(Saved entries)
==========
Lemma color_separates N s k (A A' B : seq {set 'I_N}) : 0 < N ->
  is_chain A -> is_chain A' -> lgt A = lgt A' -> k.*2 <= lgt A ->
  sz A <= s -> sz A' <= s -> S_dist 1 A B -> S_dist 1 A' B ->
  nth set0 A 0 != nth set0 A' 0 ->
  color s k (take k.*2.+1 A) != color s k (take k.*2.+1 A').
Proof.
move=> N_gt0; elim: k A A' => [|k IH] A A' chA chA' lgtAA' k_le szA szA' AB A'B leaders.
  rewrite /= !nth_take //.
  case: (chA) => _ /eqP /cards1P [w A0] _; case: (chA') => _ /eqP /cards1P [w' A'0] _.
  rewrite A0 A'0 in leaders *.
  case: pickP => [x|none]; last by have := none w; rewrite set11.
  case: pickP => [x'|none]; last by have := none w'; rewrite set11.
  rewrite !inE => /eqP -> /eqP ->.
  by apply: contra leaders => /eqP [/val_inj ->].
have size_A := chain_size chA; have size_A' := chain_size chA'.
have few_decodings (C : seq {set 'I_N}) : is_chain C -> k.*2.+2 < size C -> sz C <= s ->
    size [seq color s k (decode (take k.*2.+3 C) k.*2 t)
           | t <- offsets #|nth set0 (take k.*2.+3 C) k.*2.+2|] <= (5 ^ s).-1.+1.
  move=> chC C_lt szC; rewrite size_map size_offsets prednK ?expn_gt0 // leq_exp2l //.
  by rewrite nth_take // (leq_trans _ szC) // chain_card_le_sz.
rewrite /= !take_takel ?doubleS; try lia.
apply: reduce_color_separates; rewrite ?color_le //.
- by apply: IH => //; lia.
- exact: neighbour_decoded chA chA' lgtAA' k_le AB A'B.
- by apply: neighbour_decoded chA' chA (esym lgtAA') _ A'B AB; rewrite -lgtAA'.
- by apply: few_decodings; rewrite ?size_A.
- by apply: few_decodings; rewrite ?size_A' -?lgtAA'.
- by apply/allP => z /mapP [t _ ->]; apply: color_le.
- by apply/allP => z /mapP [t _ ->]; apply: color_le.
Qed.

(* With C = 2^(6(s+1)) the palette at level k is at most
   C log^(k) N: one step multiplies by 6 (5^s)^2 and replaces the old palette
   M <= C L by its threshold up_log 2 (M + 2), which is at most log2 L + 6 s + 8. *)

Lemma palette_step N s k :
  palette N s k.+1 = 6 * 5 ^ s * 5 ^ s * threshold (palette N s k).
Proof. by rewrite /= /code_len /alphabet prednK ?expn_gt0 //; lia. Qed.
Lemma induced_cycle_contains n f : 2 < n -> induced_cycle adj n f ->
  contains_induced (@cyc_adj n) (cyc_sgn (fun i : 'I_n => sgn (f i) (f (i.+1 %% n))))
    adj sgn.
Proof.
move=> n2 [f_inj f_adj].
have fadj (u v : 'I_n) : adj (f u) (f v) = cyc_adj u v.
  case: (ltngtP u v) => [uv|vu|/val_inj->]; last by rewrite adj_irr /cyc_adj eqxx andbF.
  - by rewrite f_adj ?cyc_adj_lt // uv ltn_ord.
  - by rewrite adj_sym cyc_adj_sym f_adj ?cyc_adj_lt // vu ltn_ord.
exists (fun i : 'I_n => f i); split; [|split] => //.
- move=> u v fuv; apply/val_inj; case: (ltngtP u v) => [uv|vu|//].
  + by have := f_inj u v; rewrite uv ltn_ord fuv eqxx => /(_ isT).
  + by have := f_inj v u; rewrite vu ltn_ord fuv eqxx => /(_ isT).
- move=> u v uv; rewrite /cyc_sgn; case: eqP => [<- //|not_uv].
  have /eqP-> : v.+1 %% n == u by case/andP: uv => /orP [/eqP|].
  by rewrite sgn_sym // fadj.
Qed.

Lemma C_free_induced_cycle n f :
  C_free adj sgn -> 6 <= n -> ~~ odd n -> ~ induced_cycle adj n f.
Proof.
move=> C_free_G n6 n_even cyc.
have [k nk] : exists k, n = 2 * k.
  by exists n./2; rewrite -[LHS]odd_double_half (negbTE n_even) add0n -mul2n.
subst n; apply: (C_free_G k _ _ (induced_cycle_contains _ cyc)); lia.
Qed.

(* [x p1 p2 y] and [x q1 q2 y] together with the edge [xy] form a copy of D
   with [a_1, a_2, a_3 = p2, x, q2] and [b_1, b_2, b_3 = p1, y, q1]. *)
Lemma D_free_negative_edge x y p q :
  D_free adj sgn -> adj x y -> sgn x y = false ->
  chordless adj 3 p -> chordless adj 3 q ->
  p 0 = x -> p 3 = y -> q 0 = x -> q 3 = y -> interiors_apart adj 3 p 3 q -> False.
Proof.
move=> D_free_G xy sxy [_ p_adj] [_ q_adj] p0 p3 q0 q3 apart.
have cross i j : 0 < i < 3 -> 0 < j < 3 -> adj (p i) (q j) = false.
  by move=> ij ji; have [_ /negbTE] := apart i j ij ji.
have x_p1 : adj x (p 1) by rewrite -p0 p_adj.
have p1_p2 : adj (p 1) (p 2) by rewrite p_adj.
have p2_y : adj (p 2) y by rewrite -p3 p_adj.
have x_p2 : adj x (p 2) = false by rewrite -p0 p_adj.
have p1_y : adj (p 1) y = false by rewrite -p3 p_adj.
have x_q1 : adj x (q 1) by rewrite -q0 q_adj.
have q1_q2 : adj (q 1) (q 2) by rewrite q_adj.
have q2_y : adj (q 2) y by rewrite -q3 q_adj.
have x_q2 : adj x (q 2) = false by rewrite -q0 q_adj.
have q1_y : adj (q 1) y = false by rewrite -q3 q_adj.
have table := (xy, x_p1, p1_p2, p2_y, x_p2, p1_y, x_q1, q1_q2, q2_y, x_q2, q1_y,
  cross 1 1 isT isT, cross 1 2 isT isT, cross 2 1 isT isT, cross 2 2 isT isT).
pose g (u : bool * 'I_3) :=
  nth x (if u.1 then [:: p 1; y; q 1] else [:: p 2; x; q 2]) u.2.
have g_adj u v : adj (g u) (g v) = D_adj u v.
  move: u v; do 2!case=> [[] [[|[|[|?]]] ?]] //=;
  by rewrite /g /= ?adj_irr ?table // adj_sym ?table.
apply: (D_free_G (fun i j => sgn (g (false, i)) (g (true, j)))).
  by rewrite /g /= inordK.
exists g; split; [|split] => //.
- by move=> u v guv; apply: D_adj_inj => w; rewrite -!g_adj guv.
- by case=> [[] i] [[] j] uv; rewrite /D_sgn //= sgn_sym // g_adj.
Qed.

Lemma C_free_chordless_close m p : C_free adj sgn ->
  2 <= m -> chordless adj m p -> adj (p 0) (p m) -> odd m -> m <= 3.
Proof.
move=> C_free_G m2 p_chordless closing m_odd; rewrite leqNgt; apply/negP => long.
have cycle := chordless_close m2 p_chordless closing.
by apply: (C_free_induced_cycle C_free_G _ _ cycle); rewrite /= ?m_odd; lia.
Qed.
End SignedGraphs.

Lemma minimally_separates_sym (T : finType) (adj : rel T) (S H H' : {set T}) :
  minimally_separates adj S H H' -> minimally_separates adj S H' H.
Proof.
case=> HH HH' HH'ne [nontriv nontriv'] nbr; split=> //; first by rewrite eq_sym.
by move=> x /nbr [].
Qed.

Section Separator.
Variables (T : finType) (adj : rel T) (sgn : T -> T -> bool) (part : T -> bool).
Variables (S H H' : {set T}).
Hypotheses (adj_irr : irreflexive adj) (adj_sym : symmetric adj)
  (sgn_sym : forall x y, adj x y -> sgn x y = sgn y x)
  (bip : forall x y, adj x y -> part x != part y)
  (C_free_G : C_free adj sgn) (D_free_G : D_free adj sgn)
  (sep : minimally_separates adj S H H').

Lemma separator_paths x y : x \in S -> y \in S -> x != y ->
  (exists m p, [/\ walk_through adj H x y m p, chordless adj m p &
                   odd m = (part x != part y)]) /\
  (exists m p, [/\ walk_through adj H' x y m p, chordless adj m p &
                   odd m = (part x != part y)]).
Proof.
case: sep => HH HH' _ _ nbr xS yS xy.
split; apply: (@exists_chordless_walk _ _ adj_sym S) => //.
all: by [case: (nbr x xS) | case: (nbr y yS)].
Qed.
==========
◆ **Instructions to follow**
Set apart and copy each line of the records that holds the word "Lemma".

◆ **Output**
Lemma color_separates N s k (A A' B : seq {set 'I_N}) : 0 < N ->
Lemma palette_step N s k :
Lemma induced_cycle_contains n f : 2 < n -> induced_cycle adj n f ->
Lemma C_free_induced_cycle n f :
Lemma D_free_negative_edge x y p q :
Lemma C_free_chordless_close m p : C_free adj sgn ->
Lemma minimally_separates_sym (T : finType) (adj : rel T) (S H H' : {set T}) :
Lemma separator_paths x y : x \in S -> y \in S -> x != y ->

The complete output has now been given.